おもちゃのCHU-CHU-CHU★
第33章 呼び出し。
それから、車が停めてある場所まで、僕達は無言だった。坂内部長が今後、たまちゃんとの事をどう考えているのかは分からなかったけれど、たまちゃんの事を想っている事だけはハッキリした。
パーキングに着くと、部長には先にたまちゃんを車に乗せて貰う様、鍵を渡し、僕は支払いを済ませる。部長は呼び出したのは自分だからと支払いをしようとしたが、自分の車だからと断った。「その代わり、今度飲みに連れて行って下さい」と言うと、坂内部長はニヤリと笑って「任せなさい」と言ってくれた。
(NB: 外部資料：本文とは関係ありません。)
(* Let $X$ be a set and $B=(B,+,0)$ a unitary magma. For every retraction point $\mathcal A=(A,k,q,s,p)$ from $X$ to $B$, define $\Phi(\mathcal A)\colon X\times B\times X\times B\to X$ by $$\Phi(\mathcal A)(x,b,x',b')=q\big((k(x)+s(b))+(k(x')+s(b'))\big).$$ Then $\Phi(\mathcal A)\in\mathbf{Act}(X,B)$, and for any two retraction points $\mathcal A,\mathcal A'$ from $X$ to $B$ one has $\mathcal A\sim\mathcal A'$ if and only if $\Phi(\mathcal A)=\Phi(\mathcal A')$. Consequently $\Phi$ induces a bijection $$\mathbf{Ptr}(X,B)/\!\sim\;\cong\;\mathbf{Act}(X,B).$$
   Context: A unitary magma is a set with a binary operation $+$ and an element $0$ with $b+0=b=0+b$ for all $b$; morphisms preserve $+$ and $0$. Given a set $X$ and a unitary magma $B=(B,+,0)$, a retraction point from $X$ to $B$ is a tuple $(A,k,q,s,p)$ where $A=(A,+,0)$ is a unitary magma, $k\colon X\to A$ and $q\colon A\to X$ are maps, $s\colon B\to A$ and $p\colon A\to B$ are morphisms of unitary magmas, and $p(s(b))=b$, $q(k(x))=x$, $p(k(x))=0$, $q(s(b))=q(0)$, and $k(q(a))+s(p(a))=a$ for all $x\in X$, $b\in B$, $a\in A$. $\mathbf{Ptr}(X,B)$ denotes the collection of all retraction points from $X$ to $B$. Two retraction points $(A,k,q,s,p)$ and $(A',k',q',s',p')$ from $X$ to $B$ are equivalent, written $\sim$, if there is a morphism of unitary magmas $\alpha\colon A\to A'$ with $\alpha k=k'$, $\alpha s=s'$ and $q'\alpha=q$. A $B$-action is a pair $(X,\varphi)$ with $X$ a set and $\varphi\colon X\times B\times X\times B\to X$ a map such that: (1) there is an element $0\in X$ with $\varphi(x,0,0,0)=x=\varphi(0,0,x,0)$ for all $x\in X$; (2) $\varphi(x,b,0,0)=\varphi(x,0,0,b)=\varphi(0,0,x,b)$ for all $x\in X,b\in B$; (3) $\varphi(0,b,0,b')=0$ for all $b,b'\in B$; (4) writing $\varphi_{00}(x,b)=\varphi(x,0,0,b)$, for all $x,x'\in X$, $b,b'\in B$: $\varphi(x,b,x',b')=\varphi_{00}\big(\varphi(\varphi_{00}(x,b),b,\varphi_{00}(x',b'),b'),\,b+b'\big)$. $\mathbf{Act}(X,B)$ denotes the set of all maps $\varphi$ such that $(X,\varphi)$ is a $B$-action. *)

Set Implicit Arguments.

Record UMagma := {
  um_car :> Type;
  um_add : um_car -> um_car -> um_car;
  um_zero : um_car;
  um_add0r : forall b, um_add b um_zero = b;
  um_add0l : forall b, um_add um_zero b = b
}.
Arguments um_add {_} _ _.
Arguments um_zero {_}.

Definition um_morph (M N : UMagma) (f : M -> N) : Prop :=
  (forall a b, f (um_add a b) = um_add (f a) (f b)) /\ f um_zero = um_zero.

Record RetrPoint (X : Type) (B : UMagma) := {
  rp_A : UMagma;
  rp_k : X -> rp_A;
  rp_q : rp_A -> X;
  rp_s : B -> rp_A;
  rp_p : rp_A -> B;
  rp_s_morph : um_morph B rp_A rp_s;
  rp_p_morph : um_morph rp_A B rp_p;
  rp_ps : forall b, rp_p (rp_s b) = b;
  rp_qk : forall x, rp_q (rp_k x) = x;
  rp_pk : forall x, rp_p (rp_k x) = um_zero;
  rp_qs : forall b, rp_q (rp_s b) = rp_q um_zero;
  rp_split : forall a, um_add (rp_k (rp_q a)) (rp_s (rp_p a)) = a
}.

Definition rp_equiv (X : Type) (B : UMagma) (R R' : RetrPoint X B) : Prop :=
  exists alpha : rp_A R -> rp_A R',
    um_morph (rp_A R) (rp_A R') alpha /\
    (forall x, alpha (rp_k R x) = rp_k R' x) /\
    (forall b, alpha (rp_s R b) = rp_s R' b) /\
    (forall a, rp_q R' (alpha a) = rp_q R a).

(** B-actions; phi : X x B x X x B -> X is written curried.
    The element 0 of X from axiom (1) is the one referred to in (2)-(4). *)
Definition is_action (X : Type) (B : UMagma) (phi : X -> B -> X -> B -> X) : Prop :=
  exists z : X,
    (forall x, phi x um_zero z um_zero = x /\ phi z um_zero x um_zero = x) /\
    (forall x b, phi x b z um_zero = phi x um_zero z b /\
                 phi x um_zero z b = phi z um_zero x b) /\
    (forall b b', phi z b z b' = z) /\
    (forall x x' b b',
       phi x b x' b' =
       phi (phi (phi x um_zero z b) b (phi x' um_zero z b') b') um_zero z (um_add b b')).

Definition Act (X : Type) (B : UMagma) : (X -> B -> X -> B -> X) -> Prop :=
  is_action B.

Definition Phi (X : Type) (B : UMagma) (R : RetrPoint X B) : X -> B -> X -> B -> X :=
  fun x b x' b' =>
    rp_q R (um_add (um_add (rp_k R x) (rp_s R b)) (um_add (rp_k R x') (rp_s R b'))).

(** Every element of a retraction point splits as [a = k (q a) + s (p a)], so
    [A] is coordinatised by pairs [(x, b)] and its addition is recorded by
    [Phi]: an equivalence is forced to be [a |-> k' (q a) + s' (p a)], which is
    additive exactly when [Phi] agrees.  Conversely, for an action [phi] the
    pairs [(x, b)] with [phi x 0 0 b = x] form a unitary magma under
    [(x, b) + (x', b') = (phi x b x' b', b + b')]: axiom (4) says precisely
    that such pairs are closed under this operation.  With [k x = (x, 0)],
    [s b = (0, b)] and the two projections this is a retraction point whose
    [Phi] is [phi]. *)
From Stdlib Require Import ProofIrrelevance FunctionalExtensionality.
Set Implicit Arguments.

Section RetractionPoint.
Variables (X : Type) (B : UMagma) (R : RetrPoint X B).

Local Notation k := (rp_k R).
Local Notation q := (rp_q R).
Local Notation s := (rp_s R).
Local Notation p := (rp_p R).

Definition rp_pair (x : X) (b : B) : rp_A R := um_add (k x) (s b).

Lemma PhiE x b x' b' : Phi R x b x' b' = q (um_add (rp_pair x b) (rp_pair x' b')).
Proof. reflexivity. Qed.

Lemma rp_sD b b' : s (um_add b b') = um_add (s b) (s b').
Proof. exact (proj1 (rp_s_morph R) b b'). Qed.

Lemma rp_s0 : s um_zero = um_zero.
Proof. exact (proj2 (rp_s_morph R)). Qed.

Lemma rp_pD a a' : p (um_add a a') = um_add (p a) (p a').
Proof. exact (proj1 (rp_p_morph R) a a'). Qed.

Lemma rp_p0 : p um_zero = um_zero.
Proof. exact (proj2 (rp_p_morph R)). Qed.

Lemma rp_kq0 : k (q um_zero) = um_zero.
Proof.
  pose proof (rp_split R um_zero) as split0.
  now rewrite rp_p0, rp_s0, um_add0r in split0.
Qed.

Lemma rp_pair_qp a : rp_pair (q a) (p a) = a.
Proof. exact (rp_split R a). Qed.

Lemma rp_pair_x0 x : rp_pair x um_zero = k x.
Proof. unfold rp_pair. now rewrite rp_s0, um_add0r. Qed.

Lemma rp_pair_q0 b : rp_pair (q um_zero) b = s b.
Proof. unfold rp_pair. now rewrite rp_kq0, um_add0l. Qed.

Lemma rp_p_pair x b : p (rp_pair x b) = b.
Proof. unfold rp_pair. now rewrite rp_pD, rp_pk, rp_ps, um_add0l. Qed.

Lemma rp_pair_q_pair x b : rp_pair (q (rp_pair x b)) b = rp_pair x b.
Proof.
  pose proof (rp_pair_qp (rp_pair x b)) as split_pair.
  now rewrite rp_p_pair in split_pair.
Qed.

Lemma Phi_q0_r x b b' : Phi R x b (q um_zero) b' = q (um_add (rp_pair x b) (s b')).
Proof. now rewrite PhiE, rp_pair_q0. Qed.

Lemma Phi_q0_l x b b' : Phi R (q um_zero) b x b' = q (um_add (s b) (rp_pair x b')).
Proof. now rewrite PhiE, rp_pair_q0. Qed.

Lemma Phi_x0q0 x b : Phi R x um_zero (q um_zero) b = q (rp_pair x b).
Proof. now rewrite PhiE, rp_pair_x0, rp_pair_q0. Qed.

Lemma Phi_unit_r x : Phi R x um_zero (q um_zero) um_zero = x.
Proof. now rewrite Phi_x0q0, rp_pair_x0, rp_qk. Qed.

Lemma Phi_unit_l x : Phi R (q um_zero) um_zero x um_zero = x.
Proof. now rewrite Phi_q0_l, rp_s0, um_add0l, rp_pair_x0, rp_qk. Qed.

Lemma Phi_is_action : Act B (Phi R).
Proof.
  exists (q um_zero). split; [|split; [|split]].
  - intro x. split; [apply Phi_unit_r | apply Phi_unit_l].
  - intros x b. rewrite Phi_x0q0, Phi_q0_r, Phi_q0_l, rp_s0, um_add0r, um_add0l.
    split; reflexivity.
  - intros b b'. now rewrite Phi_q0_r, rp_pair_q0, <- rp_sD, rp_qs.
  - intros x x' b b'.
    rewrite !Phi_x0q0, !PhiE, !rp_pair_q_pair.
    set (a := um_add (rp_pair x b) (rp_pair x' b')).
    assert (p_a : p a = um_add b b') by (unfold a; now rewrite rp_pD, !rp_p_pair).
    now rewrite <- p_a, rp_pair_qp.
Qed.

End RetractionPoint.

Lemma Phi_eq_of_rp_equiv X B (R R' : RetrPoint X B) : rp_equiv R R' -> Phi R = Phi R'.
Proof.
  intros (alpha & [alphaD _] & alpha_k & alpha_s & q_alpha).
  do 4 (apply functional_extensionality; intro).
  unfold Phi. now rewrite <- q_alpha, !alphaD, !alpha_k, !alpha_s.
Qed.

Section EquivalenceOfPhiEq.
Variables (X : Type) (B : UMagma) (R R' : RetrPoint X B).
Hypothesis Phi_eq : Phi R = Phi R'.

Lemma rp_q0_eq : rp_q R' um_zero = rp_q R um_zero.
Proof.
  rewrite <- (Phi_unit_r R (rp_q R' um_zero)), Phi_eq.
  apply Phi_unit_l.
Qed.

Lemma rp_q_pair_eq x b : rp_q R' (rp_pair R' x b) = rp_q R (rp_pair R x b).
Proof. now rewrite <- !Phi_x0q0, rp_q0_eq, Phi_eq. Qed.

Definition rp_transfer (a : rp_A R) : rp_A R' := rp_pair R' (rp_q R a) (rp_p R a).

Lemma rp_transferD a a' :
  rp_transfer (um_add a a') = um_add (rp_transfer a) (rp_transfer a').
Proof.
  set (c := um_add (rp_transfer a) (rp_transfer a')).
  assert (q_c : rp_q R' c = rp_q R (um_add a a')).
  { unfold c, rp_transfer. rewrite <- PhiE, <- Phi_eq, PhiE, !rp_pair_qp.
    reflexivity. }
  assert (p_c : rp_p R' c = rp_p R (um_add a a')).
  { unfold c, rp_transfer. now rewrite rp_pD, !rp_p_pair, rp_pD. }
  unfold rp_transfer at 1. rewrite <- q_c, <- p_c. apply rp_pair_qp.
Qed.

Lemma rp_transfer0 : rp_transfer um_zero = um_zero.
Proof. unfold rp_transfer. now rewrite rp_p0, <- rp_q0_eq, rp_pair_q0, rp_s0. Qed.

Lemma rp_equiv_of_Phi_eq : rp_equiv R R'.
Proof.
  exists rp_transfer. unfold rp_transfer.
  split; [split; [exact rp_transferD | exact rp_transfer0]|split; [|split]].
  - intro x. now rewrite rp_qk, rp_pk, rp_pair_x0.
  - intro b. now rewrite rp_qs, rp_ps, <- rp_q0_eq, rp_pair_q0.
  - intro a. now rewrite rp_q_pair_eq, rp_pair_qp.
Qed.

End EquivalenceOfPhiEq.

Section RetractionPointOfAction.
Variables (X : Type) (B : UMagma) (phi : X -> B -> X -> B -> X) (z : X).
Hypothesis act_unit : forall x, phi x um_zero z um_zero = x.
Hypothesis act_shift : forall x b, phi x b z um_zero = phi x um_zero z b.
Hypothesis act_swap : forall x b, phi x um_zero z b = phi z um_zero x b.
Hypothesis act_zero : forall b b', phi z b z b' = z.
Hypothesis act_assoc : forall x x' b b',
  phi x b x' b' =
  phi (phi (phi x um_zero z b) b (phi x' um_zero z b') b') um_zero z (um_add b b').

Record fixed_pair := FixedPair {
  fp_x : X;
  fp_b : B;
  fp_fixed : phi fp_x um_zero z fp_b = fp_x
}.

Lemma fixed_pair_eq u v : fp_x u = fp_x v -> fp_b u = fp_b v -> u = v.
Proof.
  destruct u as [x b H], v as [x' b' H']; simpl. intros <- <-.
  now rewrite (proof_irrelevance _ H H').
Qed.

Lemma fp_add_fixed u v :
  phi (phi (fp_x u) (fp_b u) (fp_x v) (fp_b v)) um_zero z (um_add (fp_b u) (fp_b v))
  = phi (fp_x u) (fp_b u) (fp_x v) (fp_b v).
Proof.
  pose proof (act_assoc (fp_x u) (fp_x v) (fp_b u) (fp_b v)) as assoc_uv.
  rewrite !fp_fixed in assoc_uv. now symmetry.
Qed.

Definition fp_add (u v : fixed_pair) : fixed_pair :=
  FixedPair (fp_add_fixed u v).

Definition fp_zero : fixed_pair := FixedPair (act_unit z).

Lemma fp_add0r u : fp_add u fp_zero = u.
Proof.
  apply fixed_pair_eq; simpl; [now rewrite act_shift, fp_fixed | apply um_add0r].
Qed.

Lemma fp_add0l u : fp_add fp_zero u = u.
Proof.
  apply fixed_pair_eq; simpl; [now rewrite <- act_swap, fp_fixed | apply um_add0l].
Qed.

Definition fixed_pair_magma : UMagma :=
  {| um_car := fixed_pair; um_add := fp_add; um_zero := fp_zero;
     um_add0r := fp_add0r; um_add0l := fp_add0l |}.

Definition fp_k (x : X) : fixed_pair_magma := FixedPair (act_unit x).

Definition fp_s (b : B) : fixed_pair_magma := FixedPair (act_zero um_zero b).

Lemma fp_s_morph : um_morph B fixed_pair_magma fp_s.
Proof.
  split.
  - intros b b'. apply fixed_pair_eq; simpl; [now rewrite act_zero | reflexivity].
  - now apply fixed_pair_eq.
Qed.

Lemma fp_b_morph : um_morph fixed_pair_magma B fp_b.
Proof. now split. Qed.

Lemma fp_split (u : fixed_pair_magma) : um_add (fp_k (fp_x u)) (fp_s (fp_b u)) = u.
Proof.
  apply fixed_pair_eq; simpl; [apply fp_fixed | apply um_add0l].
Qed.

Definition action_retraction : RetrPoint X B :=
  {| rp_A := fixed_pair_magma; rp_k := fp_k; rp_q := fp_x; rp_s := fp_s; rp_p := fp_b;
     rp_s_morph := fp_s_morph; rp_p_morph := fp_b_morph;
     rp_ps := fun _ => eq_refl; rp_qk := fun _ => eq_refl; rp_pk := fun _ => eq_refl;
     rp_qs := fun _ => eq_refl; rp_split := fp_split |}.

Lemma Phi_action_retraction : Phi action_retraction = phi.
Proof.
  apply functional_extensionality; intro x; apply functional_extensionality; intro b.
  apply functional_extensionality; intro x'; apply functional_extensionality; intro b'.
  pose proof (fp_add_fixed (fp_add (fp_k x) (fp_s b)) (fp_add (fp_k x') (fp_s b')))
    as sum_fixed.
  simpl in sum_fixed |- *. rewrite !um_add0l in sum_fixed |- *.
  now rewrite (act_assoc x x' b b').
Qed.

End RetractionPointOfAction.

Theorem proposition5p3 (X : Type) (B : UMagma) :
  (forall R : RetrPoint X B, Act B (Phi R)) /\
  (forall R R' : RetrPoint X B, rp_equiv R R' <-> Phi R = Phi R') /\
  (forall phi, Act B phi -> exists R : RetrPoint X B, Phi R = phi).
Proof.
  split; [|split].
  - exact (@Phi_is_action X B).
  - intros R R'. split; [apply Phi_eq_of_rp_equiv | apply rp_equiv_of_Phi_eq].
  - intros phi (z & unit_z & shift_z & zero_z & assoc_z).
    exists (action_retraction B phi (fun x => proj1 (unit_z x))
              (fun x b => proj1 (shift_z x b)) (fun x b => proj2 (shift_z x b))
              zero_z assoc_z).
    apply Phi_action_retraction.
Qed.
支払いを済ませて車まで歩くと、部長はたまちゃんを後部座席に寝かせ、車に凭れて僕を待っていた。「それじゃあ、僕はタクシーを拾うから」と言って、歩き出す部長を引き留める。ここから坂内部長のお宅までは、そう遠くはないので「送ります」と伝えると、部長は「すまないね」と言って、助手席に乗り込んだ。
五分程走ると、坂内部長が住むマンションに到着。「それじゃあ、また明日」と言って挨拶を交わし、車を発進させる。バックミラーに映る坂内部長は、直ぐにエントランスには向かわずに、僕の車が見えなくなるまで、見送ってくれていた。正確に言えば、僕の車を見送っているのではなく、たまちゃんを見送っているのだろう。
僕は後部座席で眠るたまちゃんをミラー越しに見る。暗いからあまり顔はよく見えないのだけれど。今、この狭い空間に二人きりだと思うと、少しだけドキドキする。電車の中の方が距離も近いのに。今まで、仕事中にエッチな事を沢山してきているのに。